#### Required action:
Check each line of the entries below for the word "IHneq", and copy out the ones that have it.

[Stored data]
/---
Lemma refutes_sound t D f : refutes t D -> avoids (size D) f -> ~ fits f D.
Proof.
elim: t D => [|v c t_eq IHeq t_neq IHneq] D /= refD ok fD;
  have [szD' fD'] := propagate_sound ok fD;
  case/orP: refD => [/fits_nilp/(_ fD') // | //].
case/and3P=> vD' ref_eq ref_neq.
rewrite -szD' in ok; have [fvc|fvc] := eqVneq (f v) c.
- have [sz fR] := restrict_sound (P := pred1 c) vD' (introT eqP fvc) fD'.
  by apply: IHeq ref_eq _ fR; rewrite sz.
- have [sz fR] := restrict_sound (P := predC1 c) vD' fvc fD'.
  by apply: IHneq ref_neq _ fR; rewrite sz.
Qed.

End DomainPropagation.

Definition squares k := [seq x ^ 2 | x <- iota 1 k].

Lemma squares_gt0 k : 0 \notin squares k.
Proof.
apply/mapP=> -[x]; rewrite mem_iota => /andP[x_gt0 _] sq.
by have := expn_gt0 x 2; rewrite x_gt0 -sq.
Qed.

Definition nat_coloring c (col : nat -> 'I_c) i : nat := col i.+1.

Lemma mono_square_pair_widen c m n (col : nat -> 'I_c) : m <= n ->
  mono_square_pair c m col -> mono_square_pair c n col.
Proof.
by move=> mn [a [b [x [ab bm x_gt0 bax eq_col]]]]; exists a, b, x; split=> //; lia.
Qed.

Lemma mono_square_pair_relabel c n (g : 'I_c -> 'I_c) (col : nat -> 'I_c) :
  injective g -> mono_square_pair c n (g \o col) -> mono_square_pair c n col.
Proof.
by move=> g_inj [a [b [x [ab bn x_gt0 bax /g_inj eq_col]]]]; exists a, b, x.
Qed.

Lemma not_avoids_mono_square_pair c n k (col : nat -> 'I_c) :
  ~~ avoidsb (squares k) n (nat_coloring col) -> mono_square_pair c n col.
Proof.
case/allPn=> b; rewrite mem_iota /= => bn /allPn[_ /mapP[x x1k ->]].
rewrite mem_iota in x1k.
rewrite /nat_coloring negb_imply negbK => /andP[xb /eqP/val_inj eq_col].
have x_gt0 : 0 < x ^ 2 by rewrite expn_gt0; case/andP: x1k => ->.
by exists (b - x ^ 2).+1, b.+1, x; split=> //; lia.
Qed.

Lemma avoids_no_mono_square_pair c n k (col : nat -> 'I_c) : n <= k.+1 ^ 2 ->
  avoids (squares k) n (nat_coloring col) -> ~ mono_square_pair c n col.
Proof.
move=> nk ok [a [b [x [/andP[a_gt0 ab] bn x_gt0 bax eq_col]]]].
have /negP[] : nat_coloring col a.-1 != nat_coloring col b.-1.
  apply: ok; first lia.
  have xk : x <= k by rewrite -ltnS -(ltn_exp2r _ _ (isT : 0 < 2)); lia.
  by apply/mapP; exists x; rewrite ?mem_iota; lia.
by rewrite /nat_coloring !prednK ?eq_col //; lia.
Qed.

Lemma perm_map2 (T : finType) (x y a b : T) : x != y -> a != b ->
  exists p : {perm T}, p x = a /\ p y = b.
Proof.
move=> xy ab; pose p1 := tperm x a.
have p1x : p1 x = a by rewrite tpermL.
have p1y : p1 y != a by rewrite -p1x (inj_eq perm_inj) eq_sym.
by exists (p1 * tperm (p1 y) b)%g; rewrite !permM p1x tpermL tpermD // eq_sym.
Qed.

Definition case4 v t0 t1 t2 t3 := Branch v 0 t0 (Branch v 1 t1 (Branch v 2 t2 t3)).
\---
/---
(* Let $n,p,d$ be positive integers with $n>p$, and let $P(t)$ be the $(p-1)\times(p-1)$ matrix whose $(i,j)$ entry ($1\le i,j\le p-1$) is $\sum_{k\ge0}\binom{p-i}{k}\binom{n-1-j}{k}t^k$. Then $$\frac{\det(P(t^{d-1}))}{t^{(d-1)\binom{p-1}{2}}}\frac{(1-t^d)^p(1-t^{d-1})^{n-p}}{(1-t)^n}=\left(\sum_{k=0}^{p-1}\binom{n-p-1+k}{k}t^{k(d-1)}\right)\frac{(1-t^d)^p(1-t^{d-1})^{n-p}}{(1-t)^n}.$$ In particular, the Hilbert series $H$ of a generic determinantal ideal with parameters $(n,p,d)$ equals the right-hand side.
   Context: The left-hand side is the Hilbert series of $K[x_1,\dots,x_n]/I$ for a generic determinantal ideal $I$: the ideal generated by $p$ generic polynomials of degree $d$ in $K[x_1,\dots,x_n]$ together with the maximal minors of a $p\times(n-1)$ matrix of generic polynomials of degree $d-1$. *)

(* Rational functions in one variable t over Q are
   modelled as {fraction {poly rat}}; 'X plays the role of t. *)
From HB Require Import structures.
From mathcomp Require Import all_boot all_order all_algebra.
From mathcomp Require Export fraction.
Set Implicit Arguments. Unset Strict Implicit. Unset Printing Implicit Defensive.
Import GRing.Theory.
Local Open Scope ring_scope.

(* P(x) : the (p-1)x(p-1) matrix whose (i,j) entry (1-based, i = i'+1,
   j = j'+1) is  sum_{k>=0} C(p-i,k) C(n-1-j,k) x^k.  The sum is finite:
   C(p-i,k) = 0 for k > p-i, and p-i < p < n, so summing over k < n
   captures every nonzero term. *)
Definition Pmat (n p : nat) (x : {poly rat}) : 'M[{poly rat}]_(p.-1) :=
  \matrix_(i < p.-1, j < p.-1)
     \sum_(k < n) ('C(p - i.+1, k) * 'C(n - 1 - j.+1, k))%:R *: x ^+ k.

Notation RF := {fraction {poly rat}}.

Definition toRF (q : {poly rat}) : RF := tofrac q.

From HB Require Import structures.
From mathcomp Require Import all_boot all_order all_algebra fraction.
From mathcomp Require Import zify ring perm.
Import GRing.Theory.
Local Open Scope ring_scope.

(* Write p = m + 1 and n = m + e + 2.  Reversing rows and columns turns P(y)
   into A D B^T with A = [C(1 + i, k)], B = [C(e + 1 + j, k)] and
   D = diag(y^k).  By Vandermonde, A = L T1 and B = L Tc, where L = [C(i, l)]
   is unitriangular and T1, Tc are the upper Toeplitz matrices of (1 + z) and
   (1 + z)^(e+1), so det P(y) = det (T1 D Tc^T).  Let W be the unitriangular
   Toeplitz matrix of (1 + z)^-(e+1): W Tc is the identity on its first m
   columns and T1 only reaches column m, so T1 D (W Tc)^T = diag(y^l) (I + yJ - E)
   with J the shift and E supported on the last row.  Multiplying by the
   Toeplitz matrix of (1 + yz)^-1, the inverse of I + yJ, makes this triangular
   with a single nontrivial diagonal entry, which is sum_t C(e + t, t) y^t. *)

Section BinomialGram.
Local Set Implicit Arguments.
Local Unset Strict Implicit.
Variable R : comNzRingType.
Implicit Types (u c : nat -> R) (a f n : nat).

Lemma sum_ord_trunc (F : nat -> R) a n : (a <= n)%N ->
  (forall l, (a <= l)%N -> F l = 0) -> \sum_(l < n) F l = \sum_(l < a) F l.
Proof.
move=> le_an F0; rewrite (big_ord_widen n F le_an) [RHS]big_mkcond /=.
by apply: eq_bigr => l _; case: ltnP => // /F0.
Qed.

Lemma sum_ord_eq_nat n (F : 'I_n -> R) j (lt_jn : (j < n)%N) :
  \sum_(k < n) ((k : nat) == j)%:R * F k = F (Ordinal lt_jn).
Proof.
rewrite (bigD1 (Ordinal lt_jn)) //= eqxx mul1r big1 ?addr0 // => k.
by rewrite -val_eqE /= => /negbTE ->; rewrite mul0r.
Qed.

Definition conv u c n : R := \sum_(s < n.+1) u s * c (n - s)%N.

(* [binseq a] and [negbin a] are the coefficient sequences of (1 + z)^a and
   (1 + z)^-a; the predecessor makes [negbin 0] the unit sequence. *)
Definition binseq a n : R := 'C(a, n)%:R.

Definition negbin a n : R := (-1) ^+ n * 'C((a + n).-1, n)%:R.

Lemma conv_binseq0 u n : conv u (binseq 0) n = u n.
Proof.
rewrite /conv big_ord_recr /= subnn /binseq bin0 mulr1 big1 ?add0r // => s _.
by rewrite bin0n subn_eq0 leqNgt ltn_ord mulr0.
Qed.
\---
#### Expected answer:
elim: t D => [|v c t_eq IHeq t_neq IHneq] D /= refD ok fD;
  by apply: IHneq ref_neq _ fR; rewrite sz.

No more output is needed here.